Toutefois, bien que ce deuxième album du trio surpasse son prédécesseur avec une orchestration très soignée – d’ailleurs on conseillera aux apologistes des machines électroniques de jeter une oreille sur le disque (juste une guitare, une basse et une batterie suffisent pour créer une alchimie) -, certains morceaux comme « Got my wings », « Damage talking » ou « Bust it down » manquent peut-être de profondeur et auraient mérité un peu plus de désordre dans leur structure pour les rendre moins pompiers. Ceci est peut-être dû à l’urgence de l’enregistrement puisqu’en deux mois l’album a été mis en boîte alors que pour les premières prises en studio, la base de certains titres n’était pas encore construite.

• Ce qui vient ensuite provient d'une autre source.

Lemma card_le_parts_twice (S : {set {set V}}) : S \subset Vstar M ->
  (forall i, #|S :&: Astar part M i| <= 2) ->
  #|S| <= k + #|[set i | 1 < #|S :&: Astar part M i|]|.
Proof.
move=> sSV le2.
have : #|S| <= \sum_i #|S :&: Astar part M i|.
  have -> : \sum_i #|S :&: Astar part M i| = \sum_i \sum_(X in S) (X \in Astar part M i : nat).
    by apply: eq_bigr => i _; rewrite sum_indicator; apply: eq_card => X; rewrite !inE.
  rewrite exchange_big -sum1_card; apply: leq_sum => X XS.
  have [i XA] := Vstar_in_Astar (subsetP sSV X XS).
  by rewrite (bigD1 i) //= XA leq_addr.
have : \sum_i #|S :&: Astar part M i| <= \sum_i (1 + (1 < #|S :&: Astar part M i|)).
  by apply: leq_sum => i _; have := le2 i; case: ltnP => /=; lia.
rewrite big_split sum_nat_const card_ord muln1 sum_indicator /=.
by move=> le1 le0; apply: leq_trans le0 (leq_trans le1 _).
Qed.

End Merging.
(* In any monoid admitting a $C(2)$ presentation, the set of non-identity indecomposable elements is a generating set for the monoid, and it is contained in every generating set for the monoid.
   Context: A monoid presentation $\langle \mathscr{A} \mid \mathscr{R} \rangle$ consists of an alphabet $\mathscr{A}$ and a set $\mathscr{R} \subseteq \mathscr{A}^* \times \mathscr{A}^*$ of relations; the monoid presented is the quotient of the free monoid $\mathscr{A}^*$ by the smallest congruence containing $\mathscr{R}$. A relation word is a word occurring as one side of a relation. A piece is a word which occurs as a factor of two distinct relation words, or in two different (possibly overlapping) positions within one relation word; the empty word is always a piece. The presentation is $C(2)$ if no relation word can be written as a product of strictly fewer than $2$ pieces (i.e. no relation word is empty or is itself a piece). A non-identity element $s$ of a monoid is indecomposable if whenever $xy = s$ we have $x = 1$ or $y = 1$. *)

From mathcomp Require Import all_boot.
Set Implicit Arguments. Unset Strict Implicit. Unset Printing Implicit Defensive.

Fixpoint all_prop (T : Type) (P : T -> Prop) (l : seq T) : Prop :=
  if l is x :: l' then P x /\ all_prop P l' else True.
 

Section Presentations.
Variable A : Type.
Variable R : seq A * seq A -> Prop.

(* The smallest congruence on A^* containing R: equivalence closure of
   one-step rewriting  u l v  <->  u r v  for (l, r) in R. *)
Inductive pres_cong : seq A -> seq A -> Prop :=
| pc_step (u v l r : seq A) : R (l, r) -> pres_cong (u ++ l ++ v) (u ++ r ++ v)
| pc_refl (w : seq A) : pres_cong w w
| pc_sym (w1 w2 : seq A) : pres_cong w1 w2 -> pres_cong w2 w1
| pc_trans (w1 w2 w3 : seq A) : pres_cong w1 w2 -> pres_cong w2 w3 -> pres_cong w1 w3.

Definition relation_word (w : seq A) : Prop :=
  exists w', R (w, w') \/ R (w', w).

Definition occurs_at (p r : seq A) (i : nat) : Prop :=
  exists u v, r = u ++ p ++ v /\ size u = i.

Definition piece (p : seq A) : Prop :=
  p = [::] \/
  exists r1 r2 i j, relation_word r1 /\ relation_word r2 /\
    occurs_at p r1 i /\ occurs_at p r2 j /\ (r1 <> r2 \/ i <> j).

Definition small_cancellation (n : nat) : Prop :=
  forall (w : seq A) (ps : seq (seq A)),
    relation_word w -> all_prop piece ps -> flatten ps = w -> n <= size ps.
End Presentations.

Definition is_monoid (M : Type) (mul : M -> M -> M) (one : M) : Prop :=
  (forall x y z, mul x (mul y z) = mul (mul x y) z) /\
  (forall x, mul one x = x) /\ (forall x, mul x one = x).

Definition presents (A M : Type) (mul : M -> M -> M) (one : M)
  (R : seq A * seq A -> Prop) : Prop :=
  exists phi : seq A -> M,
    phi [::] = one /\
    (forall u v, phi (u ++ v) = mul (phi u) (phi v)) /\
    (forall m, exists w, phi w = m) /\
    (forall u v, phi u = phi v <-> pres_cong R u v).

Definition generates (M : Type) (mul : M -> M -> M) (one : M) (S : M -> Prop) : Prop :=
  forall m, exists l : seq M, all_prop S l /\ foldr mul one l = m.

Definition indecomposable (M : Type) (mul : M -> M -> M) (one : M) (s : M) : Prop :=
  s <> one /\ forall x y, mul x y = s -> x = one \/ y = one.

(* In a C(2) presentation no relation word is a factor of another one at a
   different place, and no relation word is empty.  Hence the set of words that
   are a single letter or a relation word is a union of congruence classes, and
   the class of a letter that is not a relation word is a singleton.  Letters of
   relation words of length at least 2 are not relation words (they would be
   pieces), so they map to indecomposable elements.  A letter whose image
   decomposes nontrivially is congruent to a word of length at least 2, which
   must then be a relation word, and so is a product of indecomposables.
   Conversely an indecomposable element written as a product of generators
   must be one of them. *)

From Stdlib Require Import Classical_Prop.
From mathcomp Require Import all_boot.

Set Implicit Arguments.
Unset Strict Implicit.
Unset Printing Implicit Defensive.

Lemma cat3_nil (A : Type) (u l v : seq A) :
  size (u ++ l ++ v) <= size l -> u = [::] /\ v = [::].
Proof.
rewrite !size_cat addnCA -{2}[size l]addn0 leq_add2l leqn0 addn_eq0.
by case/andP => /nilP -> /nilP ->.
Qed.

Section SmallCancellation.
Variables (A : Type) (R : seq A * seq A -> Prop).
Hypothesis HC : small_cancellation R 2.

Lemma relation_word_neq_nil w : relation_word R w -> w <> [::].
Proof.
by move=> Hw Ew; have := HC Hw (I : all_prop (piece R) [::]); rewrite Ew => /(_ erefl).
Qed.

Lemma relation_word_not_piece w : relation_word R w -> ~ piece R w.
Proof.
by move=> Hw Hp; have := HC (ps := [:: w]) Hw (conj Hp I); rewrite /= cats0 => /(_ erefl).
Qed.

Lemma pres_cong_invariant (P : seq A -> Prop) :
  (forall u v l l', relation_word R l -> relation_word R l' ->
     P (u ++ l ++ v) -> P (u ++ l' ++ v)) ->
  forall w1 w2, pres_cong R w1 w2 -> (P w1 <-> P w2).
Proof.
move=> HP w1 w2; elim=> {w1 w2}
  [u v l r Hlr | w | w1 w2 _ [? ?] | w1 w2 w3 _ [? ?] _ [? ?]]; try by split; auto.
have Hl : relation_word R l by exists r; left.
have Hr : relation_word R r by exists l; right.
by split; apply: HP.
Qed.

Lemma relation_word_factor_eq u p v :
  relation_word R (u ++ p ++ v) -> relation_word R p -> u ++ p ++ v = p.
Proof.
move=> Hw Hp; apply: NNPP => Hneq; apply: (relation_word_not_piece Hp); right.
exists (u ++ p ++ v), p, (size u), 0; split=> //; split=> //; split; [|split].
- by exists u, v.
- by exists [::], [::]; rewrite cats0.
- by left.
Qed.

Definition letter_or_relation_word (w : seq A) : Prop :=
  (exists x, w = [:: x]) \/ relation_word R w.

Lemma relation_word_factor u l v :
  relation_word R l -> letter_or_relation_word (u ++ l ++ v) ->
  u = [::] /\ v = [::].
Proof.
move=> Hl [[x Ex] | Hw]; apply: (@cat3_nil _ u l v).
  by rewrite Ex; case: l Hl {Ex} => [/relation_word_neq_nil/(_ erefl) |].
by rewrite (relation_word_factor_eq Hw Hl).
Qed.

Lemma letter_or_relation_word_cong w1 w2 :
  pres_cong R w1 w2 -> letter_or_relation_word w1 -> letter_or_relation_word w2.
Proof.
move=> Hw; apply: (proj1 (pres_cong_invariant _ Hw)) => u v l l' Hl Hl' H.
by case: (relation_word_factor Hl H) => -> ->; right; rewrite cats0.
Qed.

Lemma letter_cong x w :
  ~ relation_word R [:: x] -> pres_cong R [:: x] w -> w = [:: x].
Proof.
move=> Hx Hw; apply: (proj1 (pres_cong_invariant (P := eq^~ [:: x]) _ Hw)) => //.
move=> u v l l' Hl _ E.
have [Eu Ev] := relation_word_factor Hl (or_introl (ex_intro _ x E)).
by move: E Hl; rewrite Eu Ev /= cats0 => -> /Hx.
Qed.

Lemma letter_of_long_relation_word s1 x s2 :
  relation_word R (s1 ++ x :: s2) -> 1 < size (s1 ++ x :: s2) ->
  ~ relation_word R [:: x].
Proof.
move=> Hr Hsz /(relation_word_factor_eq (u := s1) (p := [:: x]) (v := s2) Hr) E.
by rewrite E in Hsz.
Qed.

End SmallCancellation.

Section Monoid.
Variables (M : Type) (mul : M -> M -> M) (one : M).
Hypothesis HM : is_monoid mul one.

Definition generated (S : M -> Prop) (m : M) : Prop :=
  exists l : seq M, all_prop S l /\ foldr mul one l = m.

Lemma generated_one S : generated S one.
Proof. by exists [::]. Qed.

Lemma generated_gen (S : M -> Prop) s : S s -> generated S s.
Proof. by case: HM => _ [_ mul1r] Ss; exists [:: s]; rewrite /= mul1r. Qed.

Lemma generated_mul S x y : generated S x -> generated S y -> generated S (mul x y).
Proof.
case: HM => mulA [mul1l _] [lx [Slx <-]] [ly [Sly <-]].
exists (lx ++ ly); split; elim: lx Slx => [|z lx IH] //= [Sz /IH].
- by [].
- by move=> ->; rewrite mulA.
Qed.

Lemma indecomposable_generated S s :
  generated S s -> indecomposable mul one s -> S s.
Proof.
case=> l [Sl <-]; elim: l Sl => [_ [/(_ erefl)] // | x l IH] /= [Sx Sl] [Hs1 Hs].
case: HM => _ [mul1l mulr1].
case: (Hs x (foldr mul one l) erefl) => Ex; last by rewrite Ex mulr1.
by rewrite Ex mul1l in Hs1 Hs *; apply: IH.
Qed.

Lemma one_or_indecomposable_or_split s :
  s = one \/ indecomposable mul one s \/
  exists p q, p <> one /\ q <> one /\ mul p q = s.
Proof.
case: (classic (s = one)) => [| Hs1]; [by left | right].
case: (classic (exists p q, p <> one /\ q <> one /\ mul p q = s)) => [| Hsplit];
  [by right | left].
split=> // p q Epq; apply: NNPP => Hpq; apply: Hsplit.
by exists p, q; split; [|split=> //]; apply: contra_not Hpq; [left | right].
Qed.

End Monoid.

Section Presented.
Variables (M : Type) (mul : M -> M -> M) (one : M).
Hypothesis HM : is_monoid mul one.
Variables (A : Type) (R : seq A * seq A -> Prop).
Hypothesis HC : small_cancellation R 2.
Variable phi : seq A -> M.
Hypotheses (phi_nil : phi [::] = one)
  (phi_cat : forall u v, phi (u ++ v) = mul (phi u) (phi v))
  (phi_surj : forall m, exists w, phi w = m)
  (phi_cong : forall u v, phi u = phi v -> pres_cong R u v).

Lemma generated_phi S w :
  (forall s1 x s2, w = s1 ++ x :: s2 -> generated mul one S (phi [:: x])) ->
  generated mul one S (phi w).
Proof.
suff: forall s1,
    (forall s1' x s2, s1 ++ w = s1' ++ x :: s2 -> generated mul one S (phi [:: x])) ->
    generated mul one S (phi w)
  by move=> H Hw; apply: (H [::]).
elim: w => [|x w IH] s1 Hw; first by rewrite phi_nil; apply: generated_one.
rewrite -cat1s phi_cat; apply: generated_mul => //; first exact: (Hw s1 x w).
by apply: (IH (rcons s1 x)) => s1' y s2; rewrite cat_rcons; apply: Hw.
Qed.

Lemma phi_letter_indecomposable x :
  ~ relation_word R [:: x] -> indecomposable mul one (phi [:: x]).
Proof.
move=> Hx; split.
  by rewrite -phi_nil => /phi_cong/(letter_cong HC Hx).
move=> p q Epq; case: (phi_surj p) => u Hu; case: (phi_surj q) => v Hv.
have : phi [:: x] = phi (u ++ v) by rewrite phi_cat Hu Hv.
move/phi_cong/(letter_cong HC Hx).
case: u Hu => [|? u] Hu; first by left; rewrite -Hu.
case: v Hv => [|? v] Hv; first by right; rewrite -Hv.
by case: u {Hu}.
Qed.

Lemma long_relation_word_generated r :
  relation_word R r -> 1 < size r -> generated mul one (indecomposable mul one) (phi r).
Proof.
move=> Hr Hsz; apply: generated_phi => s1 x s2 Er; rewrite Er in Hr Hsz.
apply/generated_gen/phi_letter_indecomposable => //.
exact: letter_of_long_relation_word Hr Hsz.
Qed.

Lemma letter_generated x : generated mul one (indecomposable mul one) (phi [:: x]).
Proof.
case: (one_or_indecomposable_or_split mul one (phi [:: x]))
  => [-> | [Hx | [p [q [Hp [Hq Epq]]]]]].
- exact: generated_one.
- exact: generated_gen.
case: (phi_surj p) => u Hu; case: (phi_surj q) => v Hv.
have Huv : phi [:: x] = phi (u ++ v) by rewrite phi_cat Hu Hv.
have Hsz : 1 < size (u ++ v).
  case: u Hu {Huv} => [|? u] Hu; first by case: Hp; rewrite -Hu.
  case: v Hv => [|? v] Hv; first by case: Hq; rewrite -Hv.
  by rewrite size_cat /= addnS.
have := letter_or_relation_word_cong HC (phi_cong Huv) (or_introl (ex_intro _ x erefl)).
case=> [[y Ey] | Hr]; first by rewrite Ey in Hsz.
by rewrite Huv; apply: long_relation_word_generated.
Qed.

Lemma indecomposables_generate : generates mul one (indecomposable mul one).
Proof.
move=> m; case: (phi_surj m) => w <-.
by apply: generated_phi => *; apply: letter_generated.
Qed.

End Presented.

Theorem corollary1 (M : Type) (mul : M -> M -> M) (one : M)
  (HM : is_monoid mul one)
  (A : Type) (R : seq A * seq A -> Prop)
  (Hpres : presents mul one R) (HC2 : small_cancellation R 2) :
  generates mul one (indecomposable mul one) /\
  (forall S : M -> Prop, generates mul one S ->
     forall s, indecomposable mul one s -> S s).
Proof.
split=> [|S HS s]; last exact: indecomposable_generated (HS s).
case: Hpres => phi [phi_nil [phi_cat [phi_surj phi_ker]]].
apply: (indecomposables_generate HM HC2 phi_nil phi_cat phi_surj).
by move=> u v /phi_ker.
Qed.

Malgré ces quelques défauts, la dynamique du disque ne s’essouffle pas. Et elle le doit en grande partie à une rythmique impériale et à la voix du chanteur toujours aussi impressionnante, très soul. Ce n’est pas un hasard si les chansons font taper du pied. Pour s’en persuader rien de tel que d’écouter à fond les titres « Everything » et « Looking out for you », de véritables petites perles soniques. Ainsi, des tubes en puissance joués avec autant de simplicité et de spontanéité ne peuvent être qu’un gage de qualité.
Neal Casal en solo ou avec Hazy Malaze ne remplira sûrement jamais les stades et pourtant ses albums valent vraiment le détour.